TACO (Tool-output Automatic Compression and Offload) compresses large tool outputs
before they are injected into the context window. This is a targeted pre-injection
pass, distinct from the turn-level compaction that runs at the 60/90% pressure gates.

### When It Fires

TACO is evaluated after each tool call result is received, before the result is
appended to `messages`:

1. Measure the raw tool output token count via `tiktoken-rs`
2. If `token_count > taco_threshold` AND the tool is in the compressible-tool set
   → run TACO compression
3. Compressed result replaces the raw result in `messages`

### Compression Strategy

TACO compression uses a fast prompt to summarize the tool output:

```
System: You are a concise tool-output summarizer. Preserve all data values,
file paths, exit codes, and structured content. Remove verbose headers and
repeated patterns. Target: under {target_tokens} tokens.
Tool output:
{raw_output}
```

The compressed result is tagged with `MessagePart::TacoCompressed` so the TUI and
audit log can distinguish it from raw output.

### Compressible Tool Set

Default: `["shell", "web_scrape", "read"]`. Configurable via
`[tools.taco] compressible_tools`. MCP tools are excluded from TACO by default
because their structured output schema is unknown.

### Config

```toml
[tools.taco]
enabled             = false           # default off (opt-in)
taco_threshold      = 2000            # tokens; compress outputs above this
target_tokens       = 500             # target compressed size
taco_provider       = ""              # [[llm.providers]] name; empty = primary
compressible_tools  = ["shell", "web_scrape", "read"]
```

### Key Invariants

- TACO fires only on output that exceeds `taco_threshold`; short outputs are passed through untouched
- On compression failure (provider error, timeout) the **raw output is used** — TACO is best-effort
- NEVER compress `tool_result` messages from `execute_tool_call_confirmed` (fenced-block path) — user-approved results must not be silently summarized
- NEVER apply TACO to thinking blocks or system prompt parts
- `taco_provider` is resolved via the provider registry at runtime; empty = primary provider
- Compressed results carry `MessagePart::TacoCompressed` to make compression auditable

---

## Per-Turn ExecutionContext (#3589)

`ShellExecutor` now receives a per-turn `ExecutionContext` that carries the resolved
working directory and environment overrides for that specific turn.

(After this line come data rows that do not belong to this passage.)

Lemma mem_walks_through (v : X) q :
  sorted adj q -> v \in total_seq q -> q \in walks_through adj v (size q).
Proof.
case: v => [u|e] sq.
  rewrite mem_total_seq_inl => uq; move: sq; case/splitPr: uq => q1 q2.
  rewrite sorted_cat_cons => /andP [s1 s2].
  apply/flattenP; exists [seq rev x ++ behead y | x <- walks adj (size q1) u, y <- walks adj (size q2) u].
    apply/mapP; exists (size q1); first by rewrite mem_iota size_cat /=; lia.
    by rewrite size_cat /=; have -> : (size q1 + (size q2).+1).-1 - size q1 = size q2 by lia.
  have -> : q1 ++ u :: q2 = rev (u :: rev q1) ++ behead (u :: q2) by rewrite rev_cons revK cat_rcons.
  by apply: allpairs_f; [apply: rev_walks_complete | apply: walks_complete].
move/total_seq_inrP => [q1 [a [b [q2 [qe ->]]]]].
move: sq; rewrite qe sorted_cat_cons /= => /andP [s1 /andP [ab s2]].
have a_neq_b : a != b by apply: contraTneq ab => ->; rewrite adj_irr.
apply/flattenP; exists (walks_across adj a b (size (q1 ++ [:: a, b & q2]))).
  apply: (map_f _ (x := (a, b))); rewrite /arcs cards2 a_neq_b.
  by apply: (allpairs_f pair); rewrite mem_enum !inE eqxx ?orbT.
apply/flattenP; exists [seq rev x ++ y | x <- walks adj (size q1) a, y <- walks adj (size q2) b].
  apply/mapP; exists (size q1); first by rewrite mem_iota size_cat /=; lia.
  by rewrite size_cat /=; have -> : (size q1 + (size q2).+2).-2 - size q1 = size q2 by lia.
have -> : q1 ++ [:: a, b & q2] = rev (a :: rev q1) ++ b :: q2 by rewrite rev_cons revK cat_rcons.
by apply: allpairs_f; [apply: rev_walks_complete | apply: walks_complete].
Qed.

Definition trails (p : seq T) : seq (seq X) := [:: vertex_seq p; edge_seq p; total_seq p].

Definition path_block (d : seq X) : Prop :=
  exists p s i n, [/\ is_gpath adj p, s \in trails p, 0 < n, i + n.*2 <= size s
                    & d = take n.*2 (drop i s)].

Lemma is_gpathP p : is_gpath adj p -> sorted adj p /\ uniq p.
Proof. by case: p => //= x q /andP []. Qed.

Lemma uniq_trails p s : uniq p -> s \in trails p -> uniq s.
Proof.
move=> /uniq_total_seq up; rewrite !inE => /or3P [] /eqP -> //.
  exact: subseq_uniq (subseq_vertex_total p) up.
exact: subseq_uniq (subseq_edge_total p) up.
Qed.

Lemma path_block_uniq d : path_block d -> uniq d.
Proof.
move=> [p [s [i [n [/is_gpathP [_ up] sp _ _ ->]]]]].
by rewrite take_uniq // drop_uniq // (uniq_trails up sp).
Qed.

Lemma path_block_size d : path_block d -> exists2 n, 0 < n & size d = n.*2.
Proof. by move=> [p [s [i [n [_ _ n_gt0 ins ->]]]]]; exists n; rewrite ?size_take_drop. Qed.

Definition path_cands (v : X) (n : nat) : seq (seq X) :=
  [seq take n.*2 (drop b (total_seq q)) | b <- [:: 0; 1], q <- walks_through adj v n.+1]
  ++ if v is inl _ then [seq vertex_seq q | q <- walks_through adj v n.*2]
     else [seq edge_seq q | q <- walks_through adj v n.*2.+1].

Lemma vertex_block_in_cands v p i n :
  sorted adj p -> i + n.*2 <= size p -> v \in take n.*2 (drop i (vertex_seq p)) ->
  take n.*2 (drop i (vertex_seq p)) \in path_cands v n.
Proof.
rewrite -map_drop -map_take => sp ins; set q := take n.*2 (drop i p) => vq.
case: v vq => [u|e] vq; last by case/mapP: vq.
rewrite mem_cat map_f ?orbT // -(size_take_drop ins).
apply: mem_walks_through; first by rewrite take_sorted ?drop_sorted.
by have /(_ _ vq) := mem_subseq (subseq_vertex_total q).
Qed.

Lemma edge_block_in_cands v p i n :
  sorted adj p -> 0 < n -> i + n.*2 <= size (edge_seq p) -> v \in take n.*2 (drop i (edge_seq p)) ->
  take n.*2 (drop i (edge_seq p)) \in path_cands v n.
Proof.
rewrite size_edge_seq drop_edge_seq take_edge_seq => sp n_gt0 ins.
set q := take n.*2.+1 (drop i p) => vq.
case: v vq => [u|e] vq; first by case/mapP: vq.
rewrite mem_cat map_f ?orbT // -(@size_take_drop _ p i n.*2.+1); last by move: ins; rewrite -addnn; lia.
apply: mem_walks_through; first by rewrite take_sorted ?drop_sorted.
by have /(_ _ vq) := mem_subseq (subseq_edge_total q).
Qed.

Lemma total_block_in_cands v p i n :
  sorted adj p -> 0 < n -> i + n.*2 <= size (total_seq p) -> v \in take n.*2 (drop i (total_seq p)) ->
  take n.*2 (drop i (total_seq p)) \in path_cands v n.
Proof.
rewrite size_total_seq -(odd_double_half i) => sp n_gt0 ins.
set b := odd i; set j := i./2; set q := take n.+1 (drop j p).
have -> : take n.*2 (drop (b + j.*2) (total_seq p)) = take n.*2 (drop b (total_seq q)).
  rewrite -drop_drop drop_total_seq !take_drop -take_total_seq.
  by rewrite take_takel //; case: (b); rewrite ?addn0 ?addn1.
move=> vq; rewrite mem_cat; apply/orP; left; apply: allpairs_f; first by case: (b).
rewrite -(@size_take_drop _ p j n.+1); last by move: ins; rewrite -!addnn; case: (b) => /=; lia.
by apply: mem_walks_through; [rewrite take_sorted ?drop_sorted | apply: mem_drop (mem_take vq)].
Qed.

Lemma path_cands_cover v d n : path_block d -> v \in d -> size d = n.*2 -> d \in path_cands v n.
Proof.
move=> [p [s [i [m [/is_gpathP [sp _] sP m_gt0 ims ->]]]]] vd.
rewrite size_take_drop // => /double_inj <-.
move: sP ims vd; rewrite !inE => /or3P [] /eqP ->.
- by rewrite size_vertex_seq; apply: vertex_block_in_cands.
- exact: edge_block_in_cands.
- exact: total_block_in_cands.
Qed.

Lemma size_path_cands v n : 0 < D -> size (path_cands v n.+1) <= 16 * (n.+1 * D ^ n.*2.+1).
Proof.
move=> D_gt0; rewrite size_cat size_allpairs.
have Dn1 : D ^ n.+1 <= D ^ n.*2.+1 by rewrite leq_pexp2l // ltnS -addnn leq_addl.
have Dn : D ^ n <= D ^ n.*2.+1 by rewrite leq_pexp2l // -addnn; lia.
case: v => [u|e] /=; rewrite size_map.
  have := size_walks_via deg_le u n.+2; have := size_walks_via deg_le u n.+1.*2 => /=.
  have := leq_mul (leqnn n.+2) Dn1; rewrite -!addnn; nia.
have := size_walks_through_edge deg_le e n.+2; have := size_walks_through_edge deg_le e n.+1.*2.+1 => /=.
have := leq_mul (leqnn n.+1) Dn; rewrite -!addnn; nia.
Qed.
End PathBlocks.

(** * Colouring from the lists *)

Lemma total_thue_of_square_free (T : finType) (adj : rel T) (c : T + {set T} -> nat) :
  (forall d, path_block adj d -> map c (take (size d)./2 d) != map c (drop (size d)./2 d)) ->
  total_thue adj (fun a => c (inl a)) (fun e => c (inr e)).
Proof.
move=> sqfree p gp.
have nonrep s : s \in trails p -> nonrepetitive (map c s).
  move=> sp i n n_gt0; rewrite size_map => ins.
  have bd : path_block adj (take n.*2 (drop i s)).
    by exists p, s, i, n; rewrite -addnn addnA.
  have := sqfree _ bd; rewrite size_take_drop ?doubleK; last by rewrite -addnn addnA.
  rewrite -addnn take_takel ?leq_addr // -take_drop drop_drop [n + i]addnC.
  by rewrite -!map_drop -!map_take => /eqP.
rewrite total_colours_map vertex_colours_map edge_colours_map.
by split; apply: nonrep; rewrite !inE eqxx ?orbT.
Qed.

Section Palettes.
Variables (T : finType) (adj : rel T) (l : nat).
Variables (Lv : T -> seq nat) (Le : {set T} -> seq nat).
Hypothesis Lv_big : forall v, l < size (undup (Lv v)).
Hypothesis Le_big : forall x y, adj x y -> l < size (undup (Le [set x; y])).

(* Non-edges never occur on the sequences of a path; they get a dummy palette. *)
Definition palette (x : T + {set T}) : seq nat :=
  match x with
  | inl a => undup (Lv a)
  | inr e => if [exists a, exists b, adj a b && (e == [set a; b])] then undup (Le e)
             else iota 0 l.+1
  end.

Definition palette_colour (x : T + {set T}) (i : 'I_l.+1) := nth 0 (palette x) i.

Lemma size_palette x : l < size (palette x).
Proof.
case: x => [a|e] /=; first exact: Lv_big.
case: ifP => [/existsP [a /existsP [b /andP [ab /eqP ->]]]|_]; first exact: Le_big.
by rewrite /= size_iota.
Qed.

Lemma palette_colour_inj x : injective (palette_colour x).
Proof.
have up : uniq (palette x).
  case: x => [a|e] /=; first exact: undup_uniq.
  by case: ifP => _; [exact: undup_uniq | exact: (iota_uniq 0 l.+1)].
move=> i j /eqP; rewrite /palette_colour nth_uniq ?(leq_trans (ltn_ord _) (size_palette x)) //.
by move/eqP/val_inj.
Qed.

Lemma palette_colour_mem x i : palette_colour x i \in palette x.
Proof. exact: mem_nth (leq_trans (ltn_ord i) (size_palette x)). Qed.

Lemma exists_list_total_thue D :
  symmetric adj -> irreflexive adj -> max_degree_le adj D -> 0 < D ->
  4 * D ^ 2 + 32 * D <= l.+1 ->
  exists (cv : T -> nat) (ce : {set T} -> nat),
    [/\ forall v, cv v \in Lv v,
        forall x y, adj x y -> ce [set x; y] \in Le [set x; y]
      & total_thue adj cv ce].
Proof.
move=> adj_sym adj_irr deg_le D_gt0 l_large.
have [f sqfree] := exists_square_free_colouring palette_colour_inj
  (@path_block_uniq _ adj) (@path_block_size _ adj) (path_cands_cover adj_sym adj_irr)
  (fun v n => size_path_cands deg_le v n D_gt0) D_gt0 l_large.
set c := fcolour palette_colour f.
exists (fun a => c (inl a)), (fun e => c (inr e)); split.
- by move=> a; rewrite -mem_undup; apply: (palette_colour_mem (inl a)).
- move=> x y xy; have := palette_colour_mem (inr [set x; y]) (f (inr [set x; y])).
  have edge : [exists a, exists b, adj a b && ([set x; y] == [set a; b])].
    by apply/existsP; exists x; apply/existsP; exists y; rewrite xy eqxx.
  by rewrite /= edge mem_undup.
- exact: total_thue_of_square_free.
Qed.
End Palettes.

Theorem theorem20 (D : nat) (hD : 3 <= D) (T : finType) (adj : rel T)
  (hG : simple_graph adj) (hdeg : max_degree_le adj D) :
  list_total_thue_colourable adj
    (fun l : nat => 179856 * D ^ 2 <= 10000 * l).
Proof.
move=> Lv Le Lv_big Le_big; case: hG => adj_sym adj_irr.
have D_gt0 : 0 < D by lia.
set l := (17 * D ^ 2).-1.
have l_def : l.+1 = 17 * D ^ 2 by rewrite prednK // muln_gt0 expn_gt0 D_gt0.
have big s : 179856 * D ^ 2 <= 10000 * s -> l < s.
  move=> Ls; rewrite -ltnS l_def ltnS -(@leq_pmul2l 10000) //; apply: leq_trans Ls.
  by rewrite mulnA leq_mul2r orbT.
apply: (@exists_list_total_thue _ _ l) adj_sym adj_irr hdeg D_gt0 _.
- by move=> v; apply/big/Lv_big.
- by move=> x y /Le_big/big.
- have : 3 * D <= D ^ 2 by rewrite expnS expn1 leq_mul2r hD orbT.
  rewrite l_def; lia.
Qed.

This replaces the
previous model where the working directory was a global field on `ShellExecutor`.

### Contents

```rust
pub struct ExecutionContext {
    pub cwd:     PathBuf,             // resolved working directory for this turn
    pub env:     HashMap<String, String>,  // turn-scoped env overrides (e.g., from hooks)
    pub session: SessionId,           // for audit correlation
}
```

### Propagation

`ExecutionContext` is constructed at the start of `process_user_message()` from the
current `LifecycleState::cwd` and any active hook-injected env vars. It is passed to
`ShellExecutor::execute_with_context(&call, &ctx)` instead of reading from a shared
field.

### Key Invariants

- The `cwd` in `ExecutionContext` reflects the working directory **as of the start of the turn** — changes made by `set_working_directory` tool calls in the current turn take effect in the NEXT turn's context
- NEVER mutate the `ExecutionContext` during a turn — it is immutable after construction
- The `ExecutionContext` is not serialized or persisted — it is reconstructed each turn

---

## Autonomous Goal Execution (#4320)

`/goal create --auto [--turns N]` runs the agent autonomously for up to N turns without
user input until the goal condition is met or the turn limit is reached.

### Architecture: AutonomousDriver

`AutonomousDriver` is driven cooperatively from within the existing `Agent::run` `select!`
loop — no separate spawned task. The `--auto` flag is communicated via a
`pending_start_arc` side-channel from `handle_goal` back to the main loop, preserving
`&mut self` exclusivity.

```
Agent::run select! loop
    └── AutonomousDriver (cooperative select! branch)
            ├── turn_delay_ms sleep between turns
            ├── deferred supervisor retry on 429 (no blocking sleep)
            └── exit when: goal met | turn limit | stop signal
```

### GoalSupervisor

Performs an independent LLM call every `verify_interval` turns to confirm goal
achievement. Returns a JSON verdict `{ achieved: bool, reason: String }`.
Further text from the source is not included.